Directions for this task -> An exact copy of all the records is the expected answer.

Start of Block

(* Let $q,z$ be complex numbers with $|q|<1$ and $|z|<1$, with $-zq^{j}\neq 1$ for all $j\ge1$. Let $\theta(z;q)=\sum_{n=0}^\infty(-1)^nq^{n(n-1)/2}z^{n}$ be the partial theta function. Then $$\frac{(zq;q)_\infty}{(-zq;q)_\infty}+\sum_{n=0}^{\infty}\frac{(-1,z;q)_n}{(q,-zq;q)_n}(-z)^nq^{n^2+n}=\sum_{n=0}^{\infty}\frac{(-1,z;q)_n}{(q,-zq;q)_n}\big(1+q^n+zq^{n}-zq^{2n}\big)(-z)^nq^{n^2}\,\theta(z^2q^{2n+1};q^2).$$
   Context: $(x;q)_\infty=\prod_{j\ge0}(1-xq^j)$, $(x;q)_n=\prod_{j=0}^{n-1}(1-xq^j)$, and $(x_1,x_2;q)_n=(x_1;q)_n(x_2;q)_n$. *)

From Stdlib Require Import Reals.
From Coquelicot Require Import Coquelicot.

Open Scope C_scope.

Fixpoint qpoch (x q : C) (n : nat) : C :=
  match n with
  | O => 1
  | S m => qpoch x q m * (1 - x * q ^ m)
  end.

Definition is_qpoch_inf (x q P : C) : Prop :=
  filterlim (qpoch x q) eventually (locally P).

Definition ptheta_term (z q : C) (n : nat) : C :=
  (-1) ^ n * q ^ (Nat.div (n * (n - 1)) 2) * z ^ n.

Definition is_ptheta (z q t : C) : Prop :=
  is_series (ptheta_term z q) t.

Definition coef (z q : C) (n : nat) : C :=
  qpoch (-1) q n * qpoch z q n / (qpoch q q n * qpoch (- z * q) q n).

(* Let F(w) be the sum of [quot_term q w], i.e. of
   (-1,w;q)_n / (q,-wq;q)_n (-w)^n q^(n^2) (1 - w q^(2n)) / (1 - w).
   Comparing consecutive coefficients, (1 + wq) F(w) - (1 - wq) F(wq) is a telescoping series
   with sum 0.  Iterating, F(z) (-zq;q)_k = F(zq^k) (zq;q)_k, and since F(w) = 1 + O(w)
   uniformly, letting k -> oo gives F(z) = (zq;q)_oo / (-zq;q)_oo.
   On the right-hand side, the recurrence theta(x; q^2) = 1 - x theta(x q^2; q^2) turns the
   n-th term into the n-th terms of F(z) and of S plus a difference W_n - W_(n+1) of
   [defect]s, where W_0 = 0 and W_n -> 0 geometrically.
   All estimates rest on the uniform bounds
   exp (-|q| / (1 - |q|)^2) <= |(x;q)_n| <= exp (1 / (1 - |q|)),
   valid for |x| <= |q| and for |x| <= 1 respectively. *)

From Stdlib Require Import Reals Lra Lia ClassicalEpsilon.
From Coquelicot Require Import Coquelicot.
Open Scope C_scope.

End of Block

Output ->
(* Let $q,z$ be complex numbers with $|q|<1$ and $|z|<1$, with $-zq^{j}\neq 1$ for all $j\ge1$. Let $\theta(z;q)=\sum_{n=0}^\infty(-1)^nq^{n(n-1)/2}z^{n}$ be the partial theta function. Then $$\frac{(zq;q)_\infty}{(-zq;q)_\infty}+\sum_{n=0}^{\infty}\frac{(-1,z;q)_n}{(q,-zq;q)_n}(-z)^nq^{n^2+n}=\sum_{n=0}^{\infty}\frac{(-1,z;q)_n}{(q,-zq;q)_n}\big(1+q^n+zq^{n}-zq^{2n}\big)(-z)^nq^{n^2}\,\theta(z^2q^{2n+1};q^2).$$
   Context: $(x;q)_\infty=\prod_{j\ge0}(1-xq^j)$, $(x;q)_n=\prod_{j=0}^{n-1}(1-xq^j)$, and $(x_1,x_2;q)_n=(x_1;q)_n(x_2;q)_n$. *)

From Stdlib Require Import Reals.
From Coquelicot Require Import Coquelicot.

Open Scope C_scope.

Fixpoint qpoch (x q : C) (n : nat) : C :=
  match n with
  | O => 1
  | S m => qpoch x q m * (1 - x * q ^ m)
  end.

Definition is_qpoch_inf (x q P : C) : Prop :=
  filterlim (qpoch x q) eventually (locally P).

Definition ptheta_term (z q : C) (n : nat) : C :=
  (-1) ^ n * q ^ (Nat.div (n * (n - 1)) 2) * z ^ n.

Definition is_ptheta (z q t : C) : Prop :=
  is_series (ptheta_term z q) t.

Definition coef (z q : C) (n : nat) : C :=
  qpoch (-1) q n * qpoch z q n / (qpoch q q n * qpoch (- z * q) q n).

(* Let F(w) be the sum of [quot_term q w], i.e. of
   (-1,w;q)_n / (q,-wq;q)_n (-w)^n q^(n^2) (1 - w q^(2n)) / (1 - w).
   Comparing consecutive coefficients, (1 + wq) F(w) - (1 - wq) F(wq) is a telescoping series
   with sum 0.  Iterating, F(z) (-zq;q)_k = F(zq^k) (zq;q)_k, and since F(w) = 1 + O(w)
   uniformly, letting k -> oo gives F(z) = (zq;q)_oo / (-zq;q)_oo.
   On the right-hand side, the recurrence theta(x; q^2) = 1 - x theta(x q^2; q^2) turns the
   n-th term into the n-th terms of F(z) and of S plus a difference W_n - W_(n+1) of
   [defect]s, where W_0 = 0 and W_n -> 0 geometrically.
   All estimates rest on the uniform bounds
   exp (-|q| / (1 - |q|)^2) <= |(x;q)_n| <= exp (1 / (1 - |q|)),
   valid for |x| <= |q| and for |x| <= 1 respectively. *)

From Stdlib Require Import Reals Lra Lia ClassicalEpsilon.
From Coquelicot Require Import Coquelicot.
Open Scope C_scope.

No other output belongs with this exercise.